*** Records provided ***

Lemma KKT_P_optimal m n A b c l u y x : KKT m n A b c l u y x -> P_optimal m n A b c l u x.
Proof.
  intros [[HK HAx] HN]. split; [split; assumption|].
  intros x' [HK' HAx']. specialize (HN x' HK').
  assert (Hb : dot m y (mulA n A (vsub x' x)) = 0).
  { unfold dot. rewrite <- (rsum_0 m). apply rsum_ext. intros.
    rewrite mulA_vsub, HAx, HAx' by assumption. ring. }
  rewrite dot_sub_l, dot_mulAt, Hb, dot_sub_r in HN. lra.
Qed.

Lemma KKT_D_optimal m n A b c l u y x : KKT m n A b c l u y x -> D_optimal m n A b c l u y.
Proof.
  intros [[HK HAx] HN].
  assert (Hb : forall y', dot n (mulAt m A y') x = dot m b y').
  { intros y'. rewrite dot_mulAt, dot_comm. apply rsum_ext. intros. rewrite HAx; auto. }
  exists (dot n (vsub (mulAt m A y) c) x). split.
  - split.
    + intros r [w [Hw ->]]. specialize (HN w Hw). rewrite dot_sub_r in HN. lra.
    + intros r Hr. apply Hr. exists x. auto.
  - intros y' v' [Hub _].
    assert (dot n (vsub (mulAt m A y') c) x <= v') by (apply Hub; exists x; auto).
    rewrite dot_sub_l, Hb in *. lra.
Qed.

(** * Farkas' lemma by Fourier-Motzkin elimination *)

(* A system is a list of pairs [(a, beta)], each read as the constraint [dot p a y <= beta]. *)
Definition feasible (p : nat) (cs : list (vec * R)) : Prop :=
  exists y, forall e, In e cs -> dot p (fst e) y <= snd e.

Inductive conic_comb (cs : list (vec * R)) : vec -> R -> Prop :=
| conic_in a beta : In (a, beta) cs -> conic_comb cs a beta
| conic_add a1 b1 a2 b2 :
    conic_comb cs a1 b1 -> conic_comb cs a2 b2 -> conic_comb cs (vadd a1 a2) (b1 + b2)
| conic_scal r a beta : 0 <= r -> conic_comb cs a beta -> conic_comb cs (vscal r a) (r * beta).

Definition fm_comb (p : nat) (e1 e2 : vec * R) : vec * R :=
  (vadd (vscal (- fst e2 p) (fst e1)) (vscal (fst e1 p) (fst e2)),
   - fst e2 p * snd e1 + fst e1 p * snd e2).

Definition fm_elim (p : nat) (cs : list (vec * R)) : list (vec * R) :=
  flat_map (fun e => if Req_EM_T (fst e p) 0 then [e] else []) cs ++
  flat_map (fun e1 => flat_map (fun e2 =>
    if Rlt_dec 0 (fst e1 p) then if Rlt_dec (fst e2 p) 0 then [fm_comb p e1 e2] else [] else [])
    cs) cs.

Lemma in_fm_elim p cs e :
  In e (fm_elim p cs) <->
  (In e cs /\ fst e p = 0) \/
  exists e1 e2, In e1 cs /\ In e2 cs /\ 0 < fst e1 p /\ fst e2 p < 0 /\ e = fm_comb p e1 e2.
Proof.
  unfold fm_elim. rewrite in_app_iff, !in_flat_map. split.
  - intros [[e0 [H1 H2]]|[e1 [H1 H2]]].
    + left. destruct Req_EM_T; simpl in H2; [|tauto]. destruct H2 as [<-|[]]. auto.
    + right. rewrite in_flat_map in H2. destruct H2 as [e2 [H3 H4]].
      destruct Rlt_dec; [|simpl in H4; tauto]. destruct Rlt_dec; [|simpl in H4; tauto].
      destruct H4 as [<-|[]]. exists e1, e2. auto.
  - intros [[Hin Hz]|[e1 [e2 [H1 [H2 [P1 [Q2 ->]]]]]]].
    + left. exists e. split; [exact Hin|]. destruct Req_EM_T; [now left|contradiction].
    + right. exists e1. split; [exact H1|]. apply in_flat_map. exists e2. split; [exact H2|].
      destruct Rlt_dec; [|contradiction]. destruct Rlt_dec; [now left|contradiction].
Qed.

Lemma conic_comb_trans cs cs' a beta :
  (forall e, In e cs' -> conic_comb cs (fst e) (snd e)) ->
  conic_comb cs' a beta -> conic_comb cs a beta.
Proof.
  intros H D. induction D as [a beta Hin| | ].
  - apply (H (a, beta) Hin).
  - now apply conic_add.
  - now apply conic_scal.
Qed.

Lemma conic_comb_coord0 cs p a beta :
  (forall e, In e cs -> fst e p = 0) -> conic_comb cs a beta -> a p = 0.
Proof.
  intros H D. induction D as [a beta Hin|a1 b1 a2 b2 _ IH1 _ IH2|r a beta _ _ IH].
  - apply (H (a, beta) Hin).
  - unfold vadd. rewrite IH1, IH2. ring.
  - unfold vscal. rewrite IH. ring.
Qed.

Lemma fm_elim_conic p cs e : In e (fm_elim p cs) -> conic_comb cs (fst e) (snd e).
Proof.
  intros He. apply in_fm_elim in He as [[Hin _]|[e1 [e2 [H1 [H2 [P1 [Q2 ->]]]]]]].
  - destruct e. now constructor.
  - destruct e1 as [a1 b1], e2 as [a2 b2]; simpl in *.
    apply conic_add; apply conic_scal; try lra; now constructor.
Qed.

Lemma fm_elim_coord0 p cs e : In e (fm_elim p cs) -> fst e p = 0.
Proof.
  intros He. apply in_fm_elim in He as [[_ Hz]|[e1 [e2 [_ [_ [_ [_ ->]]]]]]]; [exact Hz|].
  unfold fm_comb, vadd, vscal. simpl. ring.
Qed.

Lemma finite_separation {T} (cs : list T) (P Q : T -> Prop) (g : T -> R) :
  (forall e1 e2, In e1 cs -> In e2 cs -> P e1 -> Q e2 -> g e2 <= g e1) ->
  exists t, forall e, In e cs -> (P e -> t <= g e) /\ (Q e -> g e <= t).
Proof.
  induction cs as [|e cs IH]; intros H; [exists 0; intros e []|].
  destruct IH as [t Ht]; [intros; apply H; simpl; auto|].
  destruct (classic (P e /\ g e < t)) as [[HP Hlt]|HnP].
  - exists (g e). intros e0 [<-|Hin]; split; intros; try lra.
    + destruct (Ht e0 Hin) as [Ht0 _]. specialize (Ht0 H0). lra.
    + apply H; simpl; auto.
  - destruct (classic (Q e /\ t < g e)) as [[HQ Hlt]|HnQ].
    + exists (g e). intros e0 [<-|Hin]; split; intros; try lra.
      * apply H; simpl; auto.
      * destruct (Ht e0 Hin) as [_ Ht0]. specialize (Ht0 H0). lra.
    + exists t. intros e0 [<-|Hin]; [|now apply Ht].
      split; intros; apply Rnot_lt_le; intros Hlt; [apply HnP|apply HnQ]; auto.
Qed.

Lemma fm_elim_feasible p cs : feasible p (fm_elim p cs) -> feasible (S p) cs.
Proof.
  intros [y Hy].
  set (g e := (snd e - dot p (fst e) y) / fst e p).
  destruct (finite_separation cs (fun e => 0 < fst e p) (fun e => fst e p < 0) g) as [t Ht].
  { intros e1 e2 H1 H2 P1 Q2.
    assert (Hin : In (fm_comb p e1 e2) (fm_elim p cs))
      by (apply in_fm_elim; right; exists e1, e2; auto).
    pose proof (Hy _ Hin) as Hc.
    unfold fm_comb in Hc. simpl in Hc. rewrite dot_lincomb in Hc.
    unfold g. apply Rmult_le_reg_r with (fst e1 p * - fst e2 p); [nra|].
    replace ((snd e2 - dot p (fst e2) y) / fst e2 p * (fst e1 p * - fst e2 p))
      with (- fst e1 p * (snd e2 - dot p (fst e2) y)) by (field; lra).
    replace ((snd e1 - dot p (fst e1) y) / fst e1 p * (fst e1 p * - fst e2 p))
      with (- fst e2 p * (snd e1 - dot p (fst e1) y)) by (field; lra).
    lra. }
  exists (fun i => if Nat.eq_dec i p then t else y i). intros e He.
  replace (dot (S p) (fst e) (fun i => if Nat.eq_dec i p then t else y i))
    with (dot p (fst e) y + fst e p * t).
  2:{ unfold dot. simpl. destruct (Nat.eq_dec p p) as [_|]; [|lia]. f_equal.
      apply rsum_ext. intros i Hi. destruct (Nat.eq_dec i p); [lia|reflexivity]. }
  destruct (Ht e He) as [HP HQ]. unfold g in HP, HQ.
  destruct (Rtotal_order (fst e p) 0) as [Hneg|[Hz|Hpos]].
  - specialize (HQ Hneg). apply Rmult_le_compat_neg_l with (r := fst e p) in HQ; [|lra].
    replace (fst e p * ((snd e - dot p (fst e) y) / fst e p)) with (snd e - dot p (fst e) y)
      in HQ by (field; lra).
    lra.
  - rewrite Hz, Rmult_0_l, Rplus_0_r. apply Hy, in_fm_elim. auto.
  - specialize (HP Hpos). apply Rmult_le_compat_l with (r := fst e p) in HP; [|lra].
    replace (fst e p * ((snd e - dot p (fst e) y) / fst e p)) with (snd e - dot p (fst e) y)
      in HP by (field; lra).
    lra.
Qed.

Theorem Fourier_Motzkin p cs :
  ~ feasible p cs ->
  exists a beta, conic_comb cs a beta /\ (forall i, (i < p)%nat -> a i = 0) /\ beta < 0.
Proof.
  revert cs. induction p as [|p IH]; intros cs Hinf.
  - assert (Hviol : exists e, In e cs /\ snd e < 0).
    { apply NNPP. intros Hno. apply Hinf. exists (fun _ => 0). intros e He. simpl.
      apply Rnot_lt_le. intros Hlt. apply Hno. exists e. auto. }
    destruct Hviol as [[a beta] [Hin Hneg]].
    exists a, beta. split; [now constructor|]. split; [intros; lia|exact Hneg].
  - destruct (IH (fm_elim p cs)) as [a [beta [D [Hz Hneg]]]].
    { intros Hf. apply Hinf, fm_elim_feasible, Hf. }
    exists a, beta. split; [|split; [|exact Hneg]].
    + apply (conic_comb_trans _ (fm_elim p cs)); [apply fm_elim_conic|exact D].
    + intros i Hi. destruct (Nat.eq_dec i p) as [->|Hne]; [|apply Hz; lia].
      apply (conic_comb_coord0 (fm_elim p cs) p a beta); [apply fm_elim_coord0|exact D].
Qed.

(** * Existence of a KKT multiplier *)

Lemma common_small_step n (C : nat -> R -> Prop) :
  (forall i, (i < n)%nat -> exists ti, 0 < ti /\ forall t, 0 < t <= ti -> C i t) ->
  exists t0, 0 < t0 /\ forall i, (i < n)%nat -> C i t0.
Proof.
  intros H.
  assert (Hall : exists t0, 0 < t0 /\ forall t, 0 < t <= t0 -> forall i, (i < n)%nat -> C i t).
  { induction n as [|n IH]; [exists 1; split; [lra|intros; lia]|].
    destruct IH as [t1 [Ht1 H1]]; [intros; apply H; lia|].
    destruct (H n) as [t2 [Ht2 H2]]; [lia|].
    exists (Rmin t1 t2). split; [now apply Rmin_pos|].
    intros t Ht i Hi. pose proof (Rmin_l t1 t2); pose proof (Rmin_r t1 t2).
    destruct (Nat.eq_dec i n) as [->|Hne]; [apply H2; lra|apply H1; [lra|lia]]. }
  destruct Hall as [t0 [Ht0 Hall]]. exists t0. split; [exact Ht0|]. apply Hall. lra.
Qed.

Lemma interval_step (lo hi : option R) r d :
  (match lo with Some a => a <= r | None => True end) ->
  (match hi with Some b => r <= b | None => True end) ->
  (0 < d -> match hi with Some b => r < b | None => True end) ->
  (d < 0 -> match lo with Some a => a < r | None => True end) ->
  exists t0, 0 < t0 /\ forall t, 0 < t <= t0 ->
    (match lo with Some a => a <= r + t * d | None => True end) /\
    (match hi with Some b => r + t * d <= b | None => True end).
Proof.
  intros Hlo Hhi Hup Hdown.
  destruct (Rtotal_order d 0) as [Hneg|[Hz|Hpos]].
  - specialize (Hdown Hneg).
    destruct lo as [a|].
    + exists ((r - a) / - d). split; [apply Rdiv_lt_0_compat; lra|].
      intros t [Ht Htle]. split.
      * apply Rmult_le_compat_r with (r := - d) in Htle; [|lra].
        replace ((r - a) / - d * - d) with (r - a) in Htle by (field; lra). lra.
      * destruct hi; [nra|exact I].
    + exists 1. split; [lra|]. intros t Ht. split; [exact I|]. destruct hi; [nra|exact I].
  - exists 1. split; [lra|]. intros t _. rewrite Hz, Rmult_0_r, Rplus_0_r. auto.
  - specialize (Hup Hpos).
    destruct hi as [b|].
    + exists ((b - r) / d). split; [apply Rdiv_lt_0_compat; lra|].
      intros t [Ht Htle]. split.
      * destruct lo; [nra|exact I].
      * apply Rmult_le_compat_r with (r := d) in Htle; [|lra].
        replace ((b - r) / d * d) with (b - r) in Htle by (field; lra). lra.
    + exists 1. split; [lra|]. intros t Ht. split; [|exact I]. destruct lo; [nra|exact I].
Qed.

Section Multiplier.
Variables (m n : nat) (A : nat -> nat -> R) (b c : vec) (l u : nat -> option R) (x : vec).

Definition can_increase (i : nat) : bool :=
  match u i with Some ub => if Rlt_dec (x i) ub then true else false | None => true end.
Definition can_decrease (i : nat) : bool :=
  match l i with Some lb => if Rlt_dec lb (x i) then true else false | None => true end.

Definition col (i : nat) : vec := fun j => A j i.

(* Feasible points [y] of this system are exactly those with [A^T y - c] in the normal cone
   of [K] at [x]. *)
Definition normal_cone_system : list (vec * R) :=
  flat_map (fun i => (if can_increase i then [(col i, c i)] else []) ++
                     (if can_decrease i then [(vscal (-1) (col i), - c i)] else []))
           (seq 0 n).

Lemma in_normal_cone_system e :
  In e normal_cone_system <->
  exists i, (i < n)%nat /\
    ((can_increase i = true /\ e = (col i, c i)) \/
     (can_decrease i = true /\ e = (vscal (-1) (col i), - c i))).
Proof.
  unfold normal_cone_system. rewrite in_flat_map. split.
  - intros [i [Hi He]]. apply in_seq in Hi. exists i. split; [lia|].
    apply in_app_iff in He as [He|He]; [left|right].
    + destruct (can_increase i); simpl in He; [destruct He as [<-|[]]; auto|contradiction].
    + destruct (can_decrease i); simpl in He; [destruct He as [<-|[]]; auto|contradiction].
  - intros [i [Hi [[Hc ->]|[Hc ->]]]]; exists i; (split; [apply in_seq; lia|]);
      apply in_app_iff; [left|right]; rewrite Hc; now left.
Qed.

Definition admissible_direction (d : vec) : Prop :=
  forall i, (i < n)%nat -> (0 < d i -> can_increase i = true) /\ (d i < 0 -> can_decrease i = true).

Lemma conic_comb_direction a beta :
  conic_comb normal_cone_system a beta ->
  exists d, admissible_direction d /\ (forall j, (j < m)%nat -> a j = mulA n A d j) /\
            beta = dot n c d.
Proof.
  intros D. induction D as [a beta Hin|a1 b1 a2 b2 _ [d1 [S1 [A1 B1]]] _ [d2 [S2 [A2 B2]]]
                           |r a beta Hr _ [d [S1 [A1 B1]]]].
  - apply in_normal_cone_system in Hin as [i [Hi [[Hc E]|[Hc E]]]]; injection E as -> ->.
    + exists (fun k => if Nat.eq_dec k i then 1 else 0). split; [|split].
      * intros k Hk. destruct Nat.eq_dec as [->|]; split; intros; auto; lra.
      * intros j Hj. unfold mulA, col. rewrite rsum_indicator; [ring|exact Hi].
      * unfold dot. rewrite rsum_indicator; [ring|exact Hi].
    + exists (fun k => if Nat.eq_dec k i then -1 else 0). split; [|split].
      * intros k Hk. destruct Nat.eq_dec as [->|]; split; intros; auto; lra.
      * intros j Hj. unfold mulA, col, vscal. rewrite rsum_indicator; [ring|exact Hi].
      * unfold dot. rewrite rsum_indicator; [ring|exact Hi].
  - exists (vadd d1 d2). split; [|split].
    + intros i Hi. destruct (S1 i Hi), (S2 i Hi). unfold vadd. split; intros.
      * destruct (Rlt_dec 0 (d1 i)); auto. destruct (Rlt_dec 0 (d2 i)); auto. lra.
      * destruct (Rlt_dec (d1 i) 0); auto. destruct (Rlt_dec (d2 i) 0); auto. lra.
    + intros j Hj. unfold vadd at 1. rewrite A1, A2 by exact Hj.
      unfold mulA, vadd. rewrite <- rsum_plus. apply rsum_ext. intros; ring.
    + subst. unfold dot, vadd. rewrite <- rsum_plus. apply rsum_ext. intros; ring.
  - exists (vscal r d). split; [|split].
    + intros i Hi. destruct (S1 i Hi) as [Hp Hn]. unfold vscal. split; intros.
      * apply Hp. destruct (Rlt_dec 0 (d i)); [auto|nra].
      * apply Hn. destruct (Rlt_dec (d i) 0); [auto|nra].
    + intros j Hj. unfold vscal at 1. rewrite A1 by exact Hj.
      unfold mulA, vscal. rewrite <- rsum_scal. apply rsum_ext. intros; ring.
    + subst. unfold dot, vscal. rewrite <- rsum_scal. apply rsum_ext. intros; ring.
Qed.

*** End of Records provided ***

## What is required
Give back precisely the lines above that start at the line containing "exists x. auto." and end at the line containing "(** * Farkas'", inclusive. No other lines belong in the output.

## Task answer
    + intros r Hr. apply Hr. exists x. auto.
  - intros y' v' [Hub _].
    assert (dot n (vsub (mulAt m A y') c) x <= v') by (apply Hub; exists x; auto).
    rewrite dot_sub_l, Hb in *. lra.
Qed.

(** * Farkas' lemma by Fourier-Motzkin elimination *)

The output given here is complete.